PYTHON_AST_COMPOSITES_GRAMMAR: Grammar = extend_grammar(
    PYTHON_AST_CONSTANTS_GRAMMAR, {
    '<expr>': PYTHON_AST_CONSTANTS_GRAMMAR['<expr>'] + [
        '<Dict>', '<Set>', '<List>', '<Tuple>'
    ],

    '<Dict>': [ 'Dict(keys=<expr_list>, values=<expr_list>)' ],
    '<Set>': [ 'Set(elts=<nonempty_expr_list>)', '<EmptySet>' ],
    '<EmptySet>': [ 'Call(func=Name(id="set", ctx=Load()), args=[], keywords=[])' ],
    '<List>': [
        'List(elts=<expr_list>, ctx=Load())',
        'List(elts=<expr_list>, ctx=Del())',
    ],
    '<Tuple>': [
        'Tuple(elts=<expr_list>, ctx=Load())',
        'Tuple(elts=<expr_list>, ctx=Del())',
    ],

    # Lists of expressions
    '<expr_list>': [ '[<exprs>?]' ],
    '<nonempty_expr_list>': [ '[<exprs>]' ],
    '<exprs>': [ '<expr>', '<exprs>, <expr>' ],
})

assert is_valid_grammar(PYTHON_AST_COMPOSITES_GRAMMAR)
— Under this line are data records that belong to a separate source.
(* Up to isomorphism there is exactly one two-dimensional evolution algebra $A$ over a field $\mathbb{K}$ such that $A^3\neq0$, $(A^2)^2\neq0$ and the annihilator $\mathrm{Ann}(A)=\{a\in A: aA=0\}$ is nonzero. Its square is $\mathfrak{D}_7\cup\mathfrak{D}_9$.
   Context: An evolution algebra over $\mathbb{K}$ is a $\mathbb{K}$-algebra with a basis $\{e_i\}$ (natural basis) such that $e_ie_j=0$ for $i\neq j$. $A^2$ is the span of $\{xy:x,y\in A\}$, $A^3$ the span of $\{xy:x\in A,y\in A^2\}$, $(A^2)^2$ the span of $\{xy:x,y\in A^2\}$. For a natural basis $\{e_1,e_2\}$ with $e_1^2=\omega_{11}e_1+\omega_{21}e_2$, $e_2^2=\omega_{12}e_1+\omega_{22}e_2$, its pseudo-square is the subset of $\{L,T,R,D\}$ where $L,T,R,D$ are present iff $\omega_{11},\omega_{12},\omega_{22},\omega_{21}$ respectively are nonzero; the square of $A$ is the set of pseudo-squares of all natural bases; $\mathfrak{D}_7=\{\{L\},\{R\}\}$, $\mathfrak{D}_9=\{\{L,D\},\{T,R\}\}$. *)

From HB Require Import structures.
From mathcomp Require Import all_boot all_order all_algebra.
Set Implicit Arguments. Unset Strict Implicit. Unset Printing Implicit Defensive.
Import GRing.Theory.
Local Open Scope ring_scope.

Inductive letter := sqL | sqT | sqR | sqD.

Definition letter_to (x : letter) : 'I_4 :=
  match x with sqL => inord 0 | sqT => inord 1 | sqR => inord 2 | sqD => inord 3 end.
Definition letter_of (i : 'I_4) : letter :=
  match val i with 0 => sqL | 1 => sqT | 2 => sqR | _ => sqD end%N.
Lemma letter_toK : cancel letter_to letter_of.
Proof. by case; rewrite /letter_of /= inordK. Qed.
HB.instance Definition _ := Finite.copy letter (can_type letter_toK).

(* A two-dimensional K-algebra, with carrier K^2 = 'rV[K]_2, given by its
   structure constants c i j = eps_i * eps_j (eps = standard basis). Every
   bilinear product on K^2 arises this way. *)
Definition alg2 (K : fieldType) := 'I_2 -> 'I_2 -> 'rV[K]_2.

Definition amul (K : fieldType) (c : alg2 K) (x y : 'rV[K]_2) : 'rV[K]_2 :=
  \sum_(i < 2) \sum_(j < 2) (x 0 i * y 0 j) *: c i j.

Definition natural_basis (K : fieldType) (c : alg2 K) (e1 e2 : 'rV[K]_2) : Prop :=
  row_free (col_mx e1 e2) /\ amul c e1 e2 = 0 /\ amul c e2 e1 = 0.

Definition is_evolution (K : fieldType) (c : alg2 K) : Prop :=
  exists e1 e2, natural_basis c e1 e2.

Definition in_span (K : fieldType) (S : 'rV[K]_2 -> Prop) (v : 'rV[K]_2) : Prop :=
  exists (n : nat) (a : 'I_n -> K) (w : 'I_n -> 'rV[K]_2),
    (forall i, S (w i)) /\ v = \sum_(i < n) a i *: w i.

Definition A2 (K : fieldType) (c : alg2 K) : 'rV[K]_2 -> Prop :=
  in_span (fun w => exists x y, w = amul c x y).
Definition A3 (K : fieldType) (c : alg2 K) : 'rV[K]_2 -> Prop :=
  in_span (fun w => exists x y, A2 c y /\ w = amul c x y).
Definition A2sq (K : fieldType) (c : alg2 K) : 'rV[K]_2 -> Prop :=
  in_span (fun w => exists x y, A2 c x /\ A2 c y /\ w = amul c x y).

Definition nonzero_space (K : fieldType) (S : 'rV[K]_2 -> Prop) : Prop :=
  exists v, S v /\ v <> 0.

Definition Ann (K : fieldType) (c : alg2 K) (a : 'rV[K]_2) : Prop :=
  forall x, amul c a x = 0.

Definition alg_iso (K : fieldType) (c1 c2 : alg2 K) : Prop :=
  exists f : 'M[K]_2, f \in unitmx /\
    forall x y, amul c2 (x *m f) (y *m f) = amul c1 x y *m f.

Definition pseudo_square (K : fieldType) (c : alg2 K) (e1 e2 : 'rV[K]_2)
    (P : {set letter}) : Prop :=
  exists w11 w21 w12 w22 : K,
    amul c e1 e1 = w11 *: e1 + w21 *: e2 /\
    amul c e2 e2 = w12 *: e1 + w22 *: e2 /\
    P = [set l | match l with
                 | sqL => w11 != 0 | sqT => w12 != 0
                 | sqR => w22 != 0 | sqD => w21 != 0 end].

Definition square (K : fieldType) (c : alg2 K) (P : {set letter}) : Prop :=
  exists e1 e2, natural_basis c e1 e2 /\ pseudo_square c e1 e2 P.

Definition D7 : {set {set letter}} := [set [set sqL]; [set sqR]].
Definition D9 : {set {set letter}} := [set [set sqL; sqD]; [set sqT; sqR]].

Definition cor_hyp (K : fieldType) (c : alg2 K) : Prop :=
  [/\ is_evolution c, nonzero_space (A3 c), nonzero_space (A2sq c)
    & nonzero_space (Ann c)].

From mathcomp Require Import all_boot all_order all_algebra.
From mathcomp Require Import ring.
for elt in [ '<Constant>', '<Dict>', '<Set>', '<List>', '<Tuple>' ]:
    print(elt)
    test_samples(PYTHON_AST_COMPOSITES_GRAMMAR, start_symbol=elt)
    print()

You may encounter a number of uncommon expressions here. For instance:

() is an empty tuple.
(1,) is a tuple with one element.
{} is an empty dictionary; {1} is a set with one element.
An empty set is denoted by set().

The fact that we use set() to represent empty sets is actually a feature of our PYTHON_AST_COMPOSITES_GRAMMAR grammar. If we invoke the Set() AST constructor without any elements, we obtain this beautiful expression...

print(ast.unparse(Set(elts=[])))

... which indeed evaluates into an empty set.

{*()}

Technically speaking, all of this is correct, but we'd like to stick to (somewhat) more readable code. If you want to confuse your programmer friends, always use {*()} instead of set().

Let us extend our grammar with expressions. The Python parser already takes care of precedence rules, so we can treat all unary and binary operators in a similar fashion.

print(ast.dump(ast.parse("2 + 2 is not False"), indent=4))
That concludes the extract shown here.